### THE TASK
Repeat the entries below exactly, missing none.

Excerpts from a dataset
-------------------------

Let Lbar := Num.max Lm1 (rho * L).
Let gbar i := Num.max (gm1 i) (rho * gam i).
Let estimates_bounded k j :=
  0 < Lkj k j <= Lbar /\ forall i, 0 < gkj k j i <= gbar i.

Lemma alg1_estimates_step k j :
  (j < jk k)%N -> estimates_bounded k j -> estimates_bounded k j.+1.
Proof.
move=> jlt [Lb gb].
have [_ [_ [/(_ j jlt) [_ [keepL [growL upd_g]]] [_ [_ Xtrial]]]]] := alg1_run k.
have Xj := Xtrial j (ltnW jlt); have rho0 := lt_trans ltr01 rho_gt1.
split=> [|i].
  apply: backtrack_estimate_bounded rho0 (fun h => f_model_holds h Xj) keepL growL Lb _.
  by rewrite le_max lexx orbT.
have [keepg growg] := upd_g i.
apply: backtrack_estimate_bounded rho0 (fun h => c_model_holds h Xj)
  keepg growg (gb i) _.
by rewrite le_max lexx orbT.
Qed.

Lemma alg1_estimates_bounded k j : (j <= jk k)%N -> estimates_bounded k j.
Proof.
have start k' :
    Lprev k' <= Lbar -> (forall i, gprev k' i <= gbar i) -> estimates_bounded k' 0.
  move=> Lp gp; have [[L0 Lle] [g0 _]] := alg1_run k'.
  split; first by rewrite L0 (le_trans Lle).
  by move=> i; have [gi0 gle] := g0 i; rewrite gi0 (le_trans gle).
elim: k j => [|k IHk]; elim=> [|j IHj] jle.
- by apply: start => [|i]; rewrite le_max lexx.
- exact: alg1_estimates_step jle (IHj (ltnW jle)).
- have [/andP[_ Lb] gb] := IHk (jk k) (leqnn _).
  by apply: start => // i; have /andP[] := gb i.
- exact: alg1_estimates_step jle (IHj (ltnW jle)).
Qed.

Lemma alg1_run_steps_bounded_below : steps_bounded_below.
Proof.
have Lbar0 : 0 < Lbar by rewrite lt_max Lm1_gt0.
have gbar0 i : 0 < gbar i by rewrite lt_max gm1_gt0.
pose Lmax := tau0 * Lbar + \sum_i gbar i.
have sum_gbar0 : 0 <= \sum_i gbar i by apply: sumr_ge0 => i _; apply: ltW.
have Lmax0 : 0 < Lmax := ltr_wpDr sum_gbar0 (mulr_gt0 tau0_gt0 Lbar0).
exists (Num.min 1 (2 * (1 - eta) * kq / Lmax)).
  rewrite lt_min ltr01 divr_gt0 // !mulr_gt0 ?kq_gt0 //.
  by case/andP: eta01 => _; rewrite subr_gt0.
move=> k; have [/andP[L0 Lb] gb] := alg1_estimates_bounded (leqnn (jk k)).
have [_ [_ [_ [acc [-> _]]]]] := alg1_run k; have [tau_gt0 tau_le _ _] := tau_bounds k.
have sum_g0 : 0 <= \sum_i gkj k (jk k) i.
  by apply: sumr_ge0 => i _; have /andP[/ltW] := gb i.
have Lam0 : 0 < tau k * Lkj k (jk k) + \sum_i gkj k (jk k) i.
  exact: ltr_wpDr sum_g0 (mulr_gt0 tau_gt0 L0).
have Lam_le : tau k * Lkj k (jk k) + \sum_i gkj k (jk k) i <= Lmax.
  apply: lerD; first exact: ler_pM (ltW tau_gt0) (ltW L0) tau_le Lb.
  by apply: ler_sum => i _; have /andP[] := gb i.
have [_ kq_le] := model_reduction_bounds k.
have /= [a0 a_ge step] := alg1_step_spec eta01 Lam0 Lam_le (step_sqr_gt0 k) kq_gt0 kq_le
  (norm1_ge0 (c (x k))).
split=> //; case: acc => [//|[fm cm]].
exact: SD_of_models a0 fm cm step.
Qed.

End Algorithm1.

Lemma alg1_steps_bounded_below rho Lm1 gm1 :
  generated_by_alg1 X f gf c J H x d tau alpha eta rho Lm1 gm1 -> steps_bounded_below.
Proof.
by case=> rho1 [Lm0 [gm0 [Lkj [gkj [jk run]]]]]; exact: alg1_run_steps_bounded_below rho1 Lm0 gm0 run.
Qed.

Lemma model_reduction_vanishes : steps_bounded_below -> lim0 dqk.
Proof.
case=> amin amin0 steps; have [eta0 _] := andP eta01.
pose psi k := tau k * (f (x k) - flow) + norm1 (c (x k)).
apply: (telescoping_lim0 (psi := psi) (mulr_gt0 eta0 amin0)) => k.
- have [tau_gt0 _ _ _] := tau_bounds k; have := f_ge (Xx k).
  by rewrite -subr_ge0 => /(mulr_ge0 (ltW tau_gt0)) ?; rewrite addr_ge0 ?norm1_ge0.
- exact: ltW (model_reduction_gt0 k).
have [amin_le sd] := steps k; have [_ [_ [_ [_ xk1]]]] := iter k.
move: sd; rewrite /SD /merit -xk1 /psi => sd.
have f_flow : 0 <= f (x k.+1) - flow by rewrite subr_ge0 f_ge.
have := ler_wpM2r f_flow (tau_nonincreasing k).
have := ler_wpM2r (ltW (model_reduction_gt0 k)) (ler_wpM2l (ltW eta0) amin_le).
rewrite /dqk; lra.
Qed.

Lemma iterates_converge : steps_bounded_below ->
  lim0 (fun k => norm2 (d k)) /\ lim0 (fun k => norm2 (c (x k))).
Proof.
move=> /model_reduction_vanishes dq0; have [sig0 _] := andP sig01; split.
- apply: lim0_sqr; apply: (lim0_le_scale (C := kq^-1)) dq0 => [|k].
    by rewrite invr_ge0 ltW ?kq_gt0.
  have [_ kq_le] := model_reduction_bounds k.
  by rewrite ger0_norm ?sqr_ge0 // mulrC ler_pdivlMr ?kq_gt0 // mulrC.
- apply: (lim0_le_scale (C := sig^-1)) dq0 => [|k]; first by rewrite invr_ge0 ltW.
  have [sig_le _] := model_reduction_bounds k.
  rewrite ger0_norm ?norm2_ge0 // (le_trans (norm2_le_norm1 _)) //.
  by rewrite mulrC ler_pdivlMr // mulrC.
Qed.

-------------------------

### WRITTEN ANSWER
Let Lbar := Num.max Lm1 (rho * L).
Let gbar i := Num.max (gm1 i) (rho * gam i).
Let estimates_bounded k j :=
  0 < Lkj k j <= Lbar /\ forall i, 0 < gkj k j i <= gbar i.

Lemma alg1_estimates_step k j :
  (j < jk k)%N -> estimates_bounded k j -> estimates_bounded k j.+1.
Proof.
move=> jlt [Lb gb].
have [_ [_ [/(_ j jlt) [_ [keepL [growL upd_g]]] [_ [_ Xtrial]]]]] := alg1_run k.
have Xj := Xtrial j (ltnW jlt); have rho0 := lt_trans ltr01 rho_gt1.
split=> [|i].
  apply: backtrack_estimate_bounded rho0 (fun h => f_model_holds h Xj) keepL growL Lb _.
  by rewrite le_max lexx orbT.
have [keepg growg] := upd_g i.
apply: backtrack_estimate_bounded rho0 (fun h => c_model_holds h Xj)
  keepg growg (gb i) _.
by rewrite le_max lexx orbT.
Qed.

Lemma alg1_estimates_bounded k j : (j <= jk k)%N -> estimates_bounded k j.
Proof.
have start k' :
    Lprev k' <= Lbar -> (forall i, gprev k' i <= gbar i) -> estimates_bounded k' 0.
  move=> Lp gp; have [[L0 Lle] [g0 _]] := alg1_run k'.
  split; first by rewrite L0 (le_trans Lle).
  by move=> i; have [gi0 gle] := g0 i; rewrite gi0 (le_trans gle).
elim: k j => [|k IHk]; elim=> [|j IHj] jle.
- by apply: start => [|i]; rewrite le_max lexx.
- exact: alg1_estimates_step jle (IHj (ltnW jle)).
- have [/andP[_ Lb] gb] := IHk (jk k) (leqnn _).
  by apply: start => // i; have /andP[] := gb i.
- exact: alg1_estimates_step jle (IHj (ltnW jle)).
Qed.

Lemma alg1_run_steps_bounded_below : steps_bounded_below.
Proof.
have Lbar0 : 0 < Lbar by rewrite lt_max Lm1_gt0.
have gbar0 i : 0 < gbar i by rewrite lt_max gm1_gt0.
pose Lmax := tau0 * Lbar + \sum_i gbar i.
have sum_gbar0 : 0 <= \sum_i gbar i by apply: sumr_ge0 => i _; apply: ltW.
have Lmax0 : 0 < Lmax := ltr_wpDr sum_gbar0 (mulr_gt0 tau0_gt0 Lbar0).
exists (Num.min 1 (2 * (1 - eta) * kq / Lmax)).
  rewrite lt_min ltr01 divr_gt0 // !mulr_gt0 ?kq_gt0 //.
  by case/andP: eta01 => _; rewrite subr_gt0.
move=> k; have [/andP[L0 Lb] gb] := alg1_estimates_bounded (leqnn (jk k)).
have [_ [_ [_ [acc [-> _]]]]] := alg1_run k; have [tau_gt0 tau_le _ _] := tau_bounds k.
have sum_g0 : 0 <= \sum_i gkj k (jk k) i.
  by apply: sumr_ge0 => i _; have /andP[/ltW] := gb i.
have Lam0 : 0 < tau k * Lkj k (jk k) + \sum_i gkj k (jk k) i.
  exact: ltr_wpDr sum_g0 (mulr_gt0 tau_gt0 L0).
have Lam_le : tau k * Lkj k (jk k) + \sum_i gkj k (jk k) i <= Lmax.
  apply: lerD; first exact: ler_pM (ltW tau_gt0) (ltW L0) tau_le Lb.
  by apply: ler_sum => i _; have /andP[] := gb i.
have [_ kq_le] := model_reduction_bounds k.
have /= [a0 a_ge step] := alg1_step_spec eta01 Lam0 Lam_le (step_sqr_gt0 k) kq_gt0 kq_le
  (norm1_ge0 (c (x k))).
split=> //; case: acc => [//|[fm cm]].
exact: SD_of_models a0 fm cm step.
Qed.

End Algorithm1.

Lemma alg1_steps_bounded_below rho Lm1 gm1 :
  generated_by_alg1 X f gf c J H x d tau alpha eta rho Lm1 gm1 -> steps_bounded_below.
Proof.
by case=> rho1 [Lm0 [gm0 [Lkj [gkj [jk run]]]]]; exact: alg1_run_steps_bounded_below rho1 Lm0 gm0 run.
Qed.

Lemma model_reduction_vanishes : steps_bounded_below -> lim0 dqk.
Proof.
case=> amin amin0 steps; have [eta0 _] := andP eta01.
pose psi k := tau k * (f (x k) - flow) + norm1 (c (x k)).
apply: (telescoping_lim0 (psi := psi) (mulr_gt0 eta0 amin0)) => k.
- have [tau_gt0 _ _ _] := tau_bounds k; have := f_ge (Xx k).
  by rewrite -subr_ge0 => /(mulr_ge0 (ltW tau_gt0)) ?; rewrite addr_ge0 ?norm1_ge0.
- exact: ltW (model_reduction_gt0 k).
have [amin_le sd] := steps k; have [_ [_ [_ [_ xk1]]]] := iter k.
move: sd; rewrite /SD /merit -xk1 /psi => sd.
have f_flow : 0 <= f (x k.+1) - flow by rewrite subr_ge0 f_ge.
have := ler_wpM2r f_flow (tau_nonincreasing k).
have := ler_wpM2r (ltW (model_reduction_gt0 k)) (ler_wpM2l (ltW eta0) amin_le).
rewrite /dqk; lra.
Qed.

Lemma iterates_converge : steps_bounded_below ->
  lim0 (fun k => norm2 (d k)) /\ lim0 (fun k => norm2 (c (x k))).
Proof.
move=> /model_reduction_vanishes dq0; have [sig0 _] := andP sig01; split.
- apply: lim0_sqr; apply: (lim0_le_scale (C := kq^-1)) dq0 => [|k].
    by rewrite invr_ge0 ltW ?kq_gt0.
  have [_ kq_le] := model_reduction_bounds k.
  by rewrite ger0_norm ?sqr_ge0 // mulrC ler_pdivlMr ?kq_gt0 // mulrC.
- apply: (lim0_le_scale (C := sig^-1)) dq0 => [|k]; first by rewrite invr_ge0 ltW.
  have [sig_le _] := model_reduction_bounds k.
  rewrite ger0_norm ?norm2_ge0 // (le_trans (norm2_le_norm1 _)) //.
  by rewrite mulrC ler_pdivlMr // mulrC.
Qed.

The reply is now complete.